Discussion: How to handle URLs and Code inside a document?

Question

Discussion: How to handle URLs and Code inside a document?

pratik3558 opened this issue 10 months ago · comments

Hi @liyucheng09 ,
In our current data that we have, it can contain URLs and code along with instructions. The code can be in any language: Java, JS, Python, Golang etc.
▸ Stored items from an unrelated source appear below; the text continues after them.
Lemma AME_between x lo up : lo < x < up ->
  loc_concave_or_convex P Xs UT lo up ->
  AME_defined P XT YT x -> ATT_defined P XT YT x lo -> ATT_defined P XT YT x up ->
  Num.min (ATT P XT YT x lo / (lo - x)) (ATT P XT YT x up / (up - x))
    <= AME P XT YT x
    <= Num.max (ATT P XT YT x lo / (lo - x)) (ATT P XT YT x up / (up - x)).
Proof.
move=> /andP[lox xup] [sub [td cc]] [Yx' dAME] dlo dup.
have [dslo <-] := cond_exp_slope dlo; have [dsup <-] := cond_exp_slope dup.
have inXs z : lo <= z <= up -> Xs z by move=> zin; apply: sub; rewrite /= in_itv.
have Xx : Xs x by apply: inXs; apply/andP; split; lra.
have Xlo : Xs lo by apply: inXs; apply/andP; split; lra.
have Xup : Xs up by apply: inXs; apply/andP; split; lra.
(* Y_T = U_T is only known a.s. at each fixed point, so the two derivatives at x
   are compared along the countable sequence x + u n. *)
pose u n : R := (up - x) / 2 * harmonic n.
have u_gt0 n : 0 < u n by rewrite mulr_gt0 ?harmonic_gt0 // divr_gt0 // subr_gt0.
have u_0 : u n @[n --> \oo] --> 0.
  rewrite -(mulr0 ((up - x) / 2)).
  by apply: cvgM; [exact: cvg_cst | exact: cvg_harmonic].
have Xu n : Xs (u n + x).
  have : harmonic n <= 1 :> R by rewrite /= invf_le1 ?ler1n.
  by move=> hle1; apply: inXs; have := u_gt0 n; rewrite /u; nra.
have YU_at_x : {ae P, forall w,
    YT x w = UT x w /\ forall n, YT (u n + x) w = UT (u n + x) w}.
  by apply: filterS2 (YT_UT Xx) (ae_foralln (fun n => YT_UT (Xu n))) => w.
have derive_eq : {ae P, forall w, derive1 (YT^~ w) x = derive1 (UT^~ w) x}.
  apply: filterS3 Yx' td YU_at_x => w Yx tw [YUx YUu].
  by apply: derive1_eq_on_seq Yx _ u_gt0 u_0 YUx YUu; apply: (tw x _).1; lra.
have slopes_eq : {ae P, forall w, [/\ sY x lo w = sU x lo w,
    derive1 (YT^~ w) x = derive1 (UT^~ w) x & sY x up w = sU x up w]}.
  by apply: filterS3 (ae_slope_eq Xx Xlo) derive_eq (ae_slope_eq Xx Xup) => w.
apply: cond_exp_between => //.
case: cc => cc; [right | left]; apply: filterS3 slopes_eq td cc => w [-> -> ->] tw cw;
  rewrite /sU.
- apply: (derive_between_slopes_nonincr (twice_diff_on_is_derive tw)) => //.
    exact: derive1_nonincr_on tw cw.
  by rewrite lox xup.
- apply: (derive_between_slopes_nondecr (twice_diff_on_is_derive tw)) => //.
    exact: derive1_nondecr_on tw cw.
  by rewrite lox xup.
Qed.

End Bounds.
End PotentialOutcomes.

Theorem theorem3 (R : realType) (d : measure_display) (Omega : measurableType d)
    (P : probability Omega R) (T : nat) (Xs : set R)
    (X : nat -> Omega -> R) (U Y : nat -> R -> Omega -> R) (g : nat -> R -> R) :
  (1 <= T)%N ->
  (forall t, (1 <= t <= T)%N -> measurable_fun setT (X t)) ->
  (forall t w, (1 <= t <= T)%N -> Xs (X t w)) ->
  (forall t x, (1 <= t <= T)%N -> Xs x -> measurable_fun setT (U t x)) ->
  assumption1 P T Xs X U Y g ->
  assumption2 P T Xs Y g ->
  assumption3 P T X ->
  forall x x' : R, supp P (X T) x -> supp P (X T) x' ->
  (* (a) *)
  (forall lo up : R, x < x' ->
     x_low P X T x x' = lo%:E -> x_up P X T x x' = up%:E ->
     loc_concave_or_convex P Xs (U T) (Num.min x lo) up ->
     ATT_defined P (X T) (Y T) x x' ->
     ATT_defined P (X T) (Y T) x lo -> ATT_defined P (X T) (Y T) x up ->
     (x' - x) * Num.min (ATT P (X T) (Y T) x lo / (lo - x))
                        (ATT P (X T) (Y T) x up / (up - x))
       <= ATT P (X T) (Y T) x x'
     /\ ATT P (X T) (Y T) x x'
       <= (x' - x) * Num.max (ATT P (X T) (Y T) x lo / (lo - x))
                             (ATT P (X T) (Y T) x up / (up - x)))
  /\
  (* (b) *)
  (forall lo up : R,
     x_low P X T x x = lo%:E -> x_up P X T x x = up%:E ->
     loc_concave_or_convex P Xs (U T) lo up ->
     AME_defined P (X T) (Y T) x ->
     ATT_defined P (X T) (Y T) x lo -> ATT_defined P (X T) (Y T) x up ->
     Num.min (ATT P (X T) (Y T) x lo / (lo - x))
             (ATT P (X T) (Y T) x up / (up - x))
       <= AME P (X T) (Y T) x
     /\ AME P (X T) (Y T) x
       <= Num.max (ATT P (X T) (Y T) x lo / (lo - x))
                  (ATT P (X T) (Y T) x up / (up - x))).
Proof.
move=> T1 mX _ mU A1 A2 _ x x' _ _.
have TT : (1 <= T <= T)%N by rewrite T1 leqnn.
have YT_UT z : Xs z -> {ae P, forall w, Y T z w = U T z w}.
  by move=> Xz; exact: outcome_eq_latent T1 A1 A2 (mU T z TT Xz) Xz.
split.
- move=> lo up xx' /x_low_spec[lox' lonx] /x_up_spec[x'up _] cc dx' dlo dup.
  have xx'up : x < x' < up by rewrite xx' x'up.
  have := ATT_slope_between (mX T TT) YT_UT lox' xx'up lonx cc dx' dlo dup.
  rewrite ler_pdivlMr ?ler_pdivrMr ?subr_gt0 // => /andP[lb ub].
  by split; rewrite mulrC.
- move=> lo up /x_low_spec[lox _] /x_up_spec[xup _] cc dAME dlo dup.
  have loxup : lo < x < up by rewrite lox xup.
  by have /andP := AME_between (mX T TT) YT_UT loxup cc dAME dlo dup.
Qed.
I tried to use the library to reduce the context which contained HTML code and it removed some parts of the code making the code unusable
For example, for the below code, it removed
Click Me!
and changed it to Click Me!

Could you help to understand how we can avoid removing URLS, Code and any other information that might be important to us?

liyucheng09 · Answer 1 · Fri Sep 29 2023 07:18:12 GMT+0800 (China Standard Time)

It shouldn't be difficult to avoid changing for urls and codes.

First, you might want to add a new type of lexical unit such as code.
Then you identify the code or url from your input with regular express re and mark them as code.
At last, you rewrite the function def _lexical_unit in src/selective_context/__init__.py to avoid code to be tokenized. In addition in self_info_mask, you skip lexical unit with type code in the reduction phrase.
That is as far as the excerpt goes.